Its no secret that I love working with MSC Apex, but I am not alone. Winning 14(!) prestigious product awards (since only 2014), means MSC Apex is officially the latest and greatest CAE technology available on the market today. Apart from winning 14 product awards, MSC Software also managed to submit no less than 25 patent fillings!  Its a remarkable feat for any software developer today to still be able to identify innovative ideas that can be patented.

Figure 1: MSC Apex awards

Feedback from our customers:

When asking around for a few customers to comment on their experience using MSC Apex, there was no shortage in positive responses. Here are a few:

"MSC Apex is incredibly fast at cleaning up and manipulating geometry, as well as having the tools needed to find flaws in geometry that you didn't even know were there." - Andrew Allcock, Senior Stress Engineer, Denel Aeronautics

"With the severe time constraints often experienced in the defence industry, we at ADG Mobility were in need of software to significantly reduce model setup time. MSC Apex fulfills this need. With its easy to use interface, tedious and frustrating tasks (most notably geometry idealisation and meshing) are made simpler, better, and faster. Where traditional software was inadequate, the time saved with MSC Apex allows us to focus on “real” engineering." - Dr. Wade Evans, Simulation Engineer, ADG Mobility

"Apex is very useful when one wants to save time, the most amazing thing about it is that you get the opportunity to clean up your CAD model before any major preparations for FEA. Most times CAD models come with a lot of unwanted mistakes and with APEX you get to remove them in no time with a click of a button. From vertices and overlapping components this can all be fixed in Apex." - Molifi Tsele, Senior Structural Analyst, Transnet Engineering

Disclaimer: I am responsible for sales and support of MSC Apex in Southern Africa, but read on and see for yourself why I really love using it.

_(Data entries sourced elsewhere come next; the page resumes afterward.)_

(* Let $S[1..n]$ be a string. Given the lcp array and rank array of $S$, one can compute all useful LLRs of $S$ (listed in increasing order of start position) in $O(n)$ time and space.
   Context: For $1\le i\le j\le n$, $S[i..j]=S[i]\cdots S[j]$. A substring is unique if it has no other occurrence starting at a different position; it is a repeat otherwise. The left-bounded longest repeat starting at position $k$, $\mathrm{LLR}_k$, is a repeat $S[k..j]$ such that either $j=n$ or $S[k..j+1]$ is unique (it does not exist if $S[k]$ is unique). An LLR is useless if its position interval is contained in that of another LLR; otherwise it is useful. The suffix array $SA[1..n]$ is the permutation of $\{1,\ldots,n\}$ listing the starting positions of suffixes of $S$ in increasing lexicographic order (a proper prefix is smaller). The rank array is its inverse: $\mathrm{Rank}[i]=j$ iff $SA[j]=i$. The lcp array $\mathrm{LCP}[1..n+1]$ has $\mathrm{LCP}[1]=\mathrm{LCP}[n+1]=0$ and, for $2\le i\le n$, $\mathrm{LCP}[i]$ is the length of the longest common prefix of $S[SA[i-1]..n]$ and $S[SA[i]..n]$. Complexity is in the word-RAM model with each integer in $\{0,\ldots,n+1\}$ occupying a constant number of words. *)

From mathcomp Require Import all_boot all_order.
Set Implicit Arguments. Unset Strict Implicit. Unset Printing Implicit Defensive.
Import Order.TTheory.

(* Strings, suffixes, substrings (1-based positions as in the paper). *)
Section Strings.
Variables (d : Order.disp_t) (T : orderType d).

Definition suf (S : seq T) (i : nat) : seq T := drop i.-1 S.

Definition substr (S : seq T) (i j : nat) : seq T := take (j - i).+1 (drop i.-1 S).

Fixpoint lexlt (s t : seq T) : bool :=
  match s, t with
  | [::], [::] => false
  | [::], _ :: _ => true
  | _ :: _, [::] => false
  | x :: s', y :: t' => (x < y)%O || ((x == y) && lexlt s' t')
  end.

Fixpoint lcp_len (s t : seq T) : nat :=
  match s, t with
  | x :: s', y :: t' => if x == y then (lcp_len s' t').+1 else 0
  | _, _ => 0
  end.

Definition occurs_at (S : seq T) (i j p : nat) : bool :=
  [&& 1 <= p, p + (j - i) <= size S & substr S p (p + (j - i)) == substr S i j].

Definition is_repeat (S : seq T) (i j : nat) : bool :=
  has (fun p => (p != i) && occurs_at S i j p) (iota 1 (size S)).

Definition is_unique (S : seq T) (i j : nat) : bool := ~~ is_repeat S i j.

Definition is_LLR (S : seq T) (k j : nat) : bool :=
  [&& 1 <= k, k <= j, j <= size S, is_repeat S k j &
      (j == size S) || is_unique S k j.+1].

Definition is_useful_LLR (S : seq T) (k j : nat) : bool :=
  is_LLR S k j &&
  ~~ has (fun k' => has (fun j' => [&& is_LLR S k' j', (k', j') != (k, j),
                                     k' <= k & j <= j'])
                        (iota 1 (size S)))
         (iota 1 (size S)).

Definition useful_LLRs (S : seq T) : seq (nat * nat) :=
  [seq kj <- [seq (k, j) | k <- iota 1 (size S), j <- iota 1 (size S)]
   | is_useful_LLR S kj.1 kj.2].

Definition is_rank (S : seq T) (rk : nat -> nat) : Prop :=
  let n := size S in
  (forall i, 1 <= i <= n -> 1 <= rk i <= n) /\
  {in [pred i | 1 <= i <= n] &, injective rk} /\
  (forall i j, 1 <= i <= n -> 1 <= j <= n ->
     (rk i < rk j) = lexlt (suf S i) (suf S j)).

(* lcpa : nat -> nat is the lcp array LCP[1..n+1] of S, given its rank
   array rk: LCP[1] = LCP[n+1] = 0 and LCP[Rank[j]] is the lcp of the
   suffixes SA[Rank[j]-1] = i and SA[Rank[j]] = j. *)
Definition is_lcp (S : seq T) (rk : nat -> nat) (lcpa : nat -> nat) : Prop :=
  let n := size S in
  lcpa 1 = 0 /\ lcpa n.+1 = 0 /\
  (forall i j, 1 <= i <= n -> 1 <= j <= n -> rk j = (rk i).+1 ->
     lcpa (rk j) = lcp_len (suf S i) (suf S j)).

End Strings.

(* A minimal word-RAM: finitely many registers (those named by the    *)
(* program), a random-access memory, unit-cost instructions.          *)
Inductive instr : Type :=
  | IConst of nat & nat
  | IAdd of nat & nat & nat
  | ISub of nat & nat & nat    (* r := a - b (truncated)       *)
  | ILoad of nat & nat
  | IStore of nat & nat
  | IJz of nat & nat
  | IJlt of nat & nat & nat
  | IJmp of nat
  | IOut of nat
  | IHalt.

Record config := Config {
  pc : nat; regs : nat -> nat; mem : nat -> nat; out : seq nat }.

Definition upd (f : nat -> nat) (a v : nat) : nat -> nat :=
  fun x => if x == a then v else f x.

Definition cur_instr (P : seq instr) (c : config) : instr := nth IHalt P (pc c).

Definition halted (P : seq instr) (c : config) : bool :=
  if cur_instr P c is IHalt then true else false.

Definition step (P : seq instr) (c : config) : config :=
  let R := regs c in let M := mem c in let p := pc c in
  match cur_instr P c with
  | IConst r v => Config p.+1 (upd R r v) M (out c)
  | IAdd r a b => Config p.+1 (upd R r (R a + R b)) M (out c)
  | ISub r a b => Config p.+1 (upd R r (R a - R b)) M (out c)
  | ILoad r a => Config p.+1 (upd R r (M (R a))) M (out c)
  | IStore a b => Config p.+1 R (upd M (R a) (R b)) (out c)
  | IJz a l => Config (if R a == 0 then l else p.+1) R M (out c)
  | IJlt a b l => Config (if R a < R b then l else p.+1) R M (out c)
  | IJmp l => Config l R M (out c)
  | IOut a => Config p.+1 R M (rcons (out c) (R a))
  | IHalt => c
  end.

(* The step from c respects the space bound A (every memory address
   accessed is < A) and the word bound W (every value written is < W). *)
Definition step_ok (P : seq instr) (A W : nat) (c : config) : bool :=
  let R := regs c in let M := mem c in
  match cur_instr P c with
  | IConst _ v => v < W
  | IAdd _ a b => R a + R b < W
  | ILoad _ a => (R a < A) && (M (R a) < W)
  | IStore a b => (R a < A) && (R b < W)
  | _ => true
  end.

Definition runs_within (P : seq instr) (M0 : nat -> nat)
    (Tmax A W : nat) (o : seq nat) : Prop :=
  let c0 := Config 0 (fun _ => 0) M0 [::] in
  exists t, [/\ t <= Tmax,
    halted P (iter t (step P) c0),
    out (iter t (step P) c0) = o &
    forall i, i < t -> step_ok P A W (iter i (step P) c0)].

Definition input_mem (n : nat) (rk lcpa : nat -> nat) : nat -> nat :=
  fun x => if x == 0 then n
           else if x <= n then rk x
           else if x <= n + n.+1 then lcpa (x - n)
           else 0.

Definition encode_pairs (s : seq (nat * nat)) : seq nat :=
  flatten [seq [:: kj.1; kj.2] | kj <- s].

From Pilot Require Import Defs.
From mathcomp Require Import all_boot all_order.
From mathcomp Require Import zify.
Import Order.TTheory.

(* For x < y < z lexicographically, lcp(x, z) <= min(lcp(x, y), lcp(y, z));
   hence the longest prefix that suffix k shares with any other suffix is
   shared with a neighbour in the suffix array, and has length
   L_k = max(LCP[Rank k], LCP[Rank k + 1]).  So LLR_k exists iff L_k > 0,
   and then it is S[k..k+L_k-1].  An LLR can only be contained in one that
   starts no later, so LLR_k is useful iff its end exceeds the ends of all
   earlier LLRs.  One left-to-right scan computing L_k from the two arrays
   and keeping the largest end seen so far thus reports exactly the useful
   LLRs, in order, with a constant number of word-RAM steps per position. *)

Section LongestCommonPrefix.
Context {d : Order.disp_t} {T : orderType d}.
Implicit Types s t x y z S : seq T.

Lemma lcp_lenE s t m :
  (m <= lcp_len s t) = [&& m <= size s, m <= size t & take m s == take m t].
Proof.
elim: s t m => [|a s IH] [|b t] [|m] //=; rewrite ?andbF //.
rewrite eqseq_cons; case: (a == b) => /=; last by rewrite !andbF.
by rewrite ltnS IH.
Qed.

Lemma lcp_lenC s t : lcp_len s t = lcp_len t s.
Proof.
elim: s t => [|a s IH] [|b t] //=.
by rewrite eq_sym; case: (b == a); rewrite ?IH.
Qed.

Lemma lcp_len_size s t : lcp_len s t <= size s.
Proof. by elim: s t => [|a s IH] [|b t] //=; case: (a == b); rewrite ?ltnS. Qed.

Lemma lexlt_lcp_len x y z : lexlt x y -> lexlt y z ->
  lcp_len x z <= minn (lcp_len x y) (lcp_len y z).
Proof.
elim: x y z => [|a x IH] [|b y] [|c z] //=.
case/orP => [ab | /andP[/eqP ab xy]]; case/orP => [bc | /andP[/eqP bc yz]].
- by rewrite (lt_eqF (lt_trans ab bc)).
- by rewrite -bc (lt_eqF ab).
- by rewrite ab (lt_eqF bc).
- by rewrite ab bc eqxx minnSS ltnS IH.
Qed.

Lemma occurs_at_lcp_len S k j p :
  1 <= k <= j -> j <= size S -> 1 <= p ->
  occurs_at S k j p = ((j - k).+1 <= lcp_len (suf S p) (suf S k)).
Proof.
move=> /andP[k1 kj] jn p1.
rewrite /occurs_at /substr /suf lcp_lenE !size_drop addKn p1 eq_sym /=.
have -> : ((j - k).+1 <= size S - k.-1) = true by apply/idP; lia.
by congr andb; apply/idP/idP; lia.
Qed.

Lemma is_repeat_lcp_len S k j :
  1 <= k <= j -> j <= size S ->
  is_repeat S k j = has (fun p => (p != k) &&
                          ((j - k).+1 <= lcp_len (suf S p) (suf S k)))
                        (iota 1 (size S)).
Proof.
move=> kj jn; apply: eq_in_has => p; rewrite mem_iota => /andP[p1 _].
by rewrite occurs_at_lcp_len.
Qed.

End LongestCommonPrefix.

Section LeftToRightScan.
Variable f : nat -> nat.

(* Position i with f i > 0 stands for the interval [i, i + f i - 1]. *)
Definition max_end k := \max_(1 <= i < k | 0 < f i) (i + f i).-1.

Definition report i :=
  if (0 < f i) && (max_end i < (i + f i).-1) then [:: i; (i + f i).-1] else [::].

Definition reports k := flatten [seq report i | i <- iota 1 k.-1].

Lemma max_endS k : 1 <= k ->
  max_end k.+1 = maxn (max_end k) (if 0 < f k then (k + f k).-1 else 0).
Proof. by move=> k1; rewrite /max_end big_mkcond big_nat_recr //= -big_mkcond. Qed.

Lemma max_end_step k : 1 <= k -> max_end k.+1 =
  if (0 < f k) && (max_end k < (k + f k).-1) then (k + f k).-1 else max_end k.
Proof.
move=> k1; rewrite max_endS //; case: (0 < f k); last by rewrite maxn0.
by rewrite /maxn.
Qed.

Lemma reportsS k : 1 <= k -> reports k.+1 = reports k ++ report k.
Proof.
move=> k1; rewrite /reports /=.
have -> : k = k.-1 + 1 by lia.
by rewrite iotaD map_cat flatten_cat /= cats0 addn1 add1n.
Qed.

Lemma max_end_ltE k x : 1 <= k -> 0 < x ->
  (max_end k < x) = all (fun i => (0 < f i) ==> ((i + f i).-1 < x)) (iota 1 k.-1).
Proof.
case: k => // m _ x0; elim: m => [|m IH]; first by rewrite /max_end big_geq.
have -> : iota 1 m.+1 = rcons (iota 1 m) m.+1.
  by rewrite -cats1 -(addn1 m) iotaD /= addnC.
rewrite max_endS // gtn_max IH all_rcons andbC.
by case: (0 < f m.+1); rewrite /= ?x0.
Qed.

End LeftToRightScan.

Lemma encode_pairs_flatten (A : Type) (g : A -> seq (nat * nat)) s :
  encode_pairs (flatten [seq g k | k <- s]) = flatten [seq encode_pairs (g k) | k <- s].
Proof. by elim: s => //= a s IH; rewrite /encode_pairs map_cat flatten_cat -IH. Qed.

Lemma inj_segment_onto n (f : nat -> nat) :
  (forall i, 1 <= i <= n -> 1 <= f i <= n) ->
  {in [pred i | 1 <= i <= n] &, injective f} ->
  forall r, 1 <= r <= n -> exists2 i, 1 <= i <= n & f i = r.
Proof.
move=> rng inj r hr.
have U : uniq (map f (iota 1 n)).
  rewrite map_inj_in_uniq ?iota_uniq // => x y; rewrite !mem_iota => hx hy.
  by apply: inj; rewrite inE; lia.
have sub : {subset map f (iota 1 n) <= iota 1 n}.
  by move=> x /mapP [i]; rewrite !mem_iota => hi ->; have := rng i; lia.
have [_ eqm] := uniq_min_size U sub ltac:(by rewrite size_map).
have : r \in map f (iota 1 n) by rewrite eqm mem_iota; lia.
by case/mapP => i; rewrite mem_iota => hi ->; exists i => //; lia.
Qed.

Definition llr_len (rk lcpa : nat -> nat) k := maxn (lcpa (rk k)) (lcpa (rk k).+1).

Section LLRsFromArrays.
Variables (d : Order.disp_t) (T : orderType d) (S : seq T) (rk lcpa : nat -> nat).
Hypotheses (hrk : is_rank S rk) (hlcp : is_lcp S rk lcpa).

Local Notation n := (size S).
Local Notation L := (llr_len rk lcpa).

Lemma rank_pred {k} : 1 <= k <= n -> 1 < rk k ->
  exists2 i, 1 <= i <= n & rk k = (rk i).+1.
Proof.
case: hrk => rng [inj _] hk r1.
have [i hi ri] := @inj_segment_onto n rk rng inj (rk k).-1
  ltac:(have := rng k hk; lia).
by exists i => //; lia.
Qed.

Lemma rank_succ {k} : 1 <= k <= n -> rk k < n ->
  exists2 j, 1 <= j <= n & rk j = (rk k).+1.
Proof.
case: hrk => rng [inj _] hk rn.
by apply: (@inj_segment_onto n rk rng inj); have := rng k hk; lia.
Qed.

(* Suffixes of rank below [rk k] (resp. above) share no longer a prefix with
   suffix k than its predecessor (resp. successor) in the suffix array. *)
Lemma lcp_len_le_llr_len {p k} : 1 <= p <= n -> 1 <= k <= n -> p != k ->
  lcp_len (suf S p) (suf S k) <= L k.
Proof.
case: hrk hlcp => rng [inj ord] [_ [_ lr]] hp hk pk.
have injE x y : 1 <= x <= n -> 1 <= y <= n -> rk x = rk y -> x = y.
  by move=> hx hy; apply: inj; rewrite inE.
have nrk : rk p != rk k by apply: contra pk => /eqP /(injE _ _ hp hk) ->.
have := rng p hp; have := rng k hk.
rewrite /llr_len leq_max; case: (ltngtP (rk p) (rk k)) nrk => //= hlt _ rkk rkp.
- have [i hi rki] := rank_pred hk ltac:(lia).
  apply/orP; left; rewrite (lr i k hi hk rki).
  case: (eqVneq p i) => [-> //|pi].
  have hpi : rk p < rk i by have := injE p i hp hi; lia.
  apply: leq_trans (geq_minr _ _).
  by apply: lexlt_lcp_len; rewrite -ord // rki.
- have [j hj rj] := rank_succ hk ltac:(lia).
  apply/orP; right; rewrite -rj (lr k j hk hj rj) lcp_lenC.
  case: (eqVneq p j) => [-> //|pj].
  have hpj : rk j < rk p by have := injE p j hp hj; lia.
  apply: leq_trans (geq_minl _ _).
  by apply: lexlt_lcp_len; rewrite -ord // rj.
Qed.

Although MSC Apex is not primarily meant to be a CAD clean-up tool, this article will focus on its CAD clean-up capabilities because it makes such a huge impact on productivity.

 

The impact of CAD clean-up

FEA analysts typically spend 80% of their time cleaning up CAD geometry and debugging FEA models. That means in a typical 5-day work week, 4 out of those 5 days are wasted on cleaning CAD geometry for simulation purposes and only 1 day is spent on “real” engineering, i.e. on setting up the model and interpreting the results!

Those 4 lost days are not the only implication. Think about the amount of engineering innovation that is lost, purely because there is no time left to innovate after spending those days on mindless clean-up work.

Figure 2: Transnet benchmark: 14 March 2015

In a 2015 benchmark with Transnet, it was already proven how the then second release of MSC Apex (Black Marlin) could save you up to 90% of those mindless CAD clean-up hours, even WITHOUT any product training!

Today (Jan 2018) we are already 6 releases further and things are just getting better and better.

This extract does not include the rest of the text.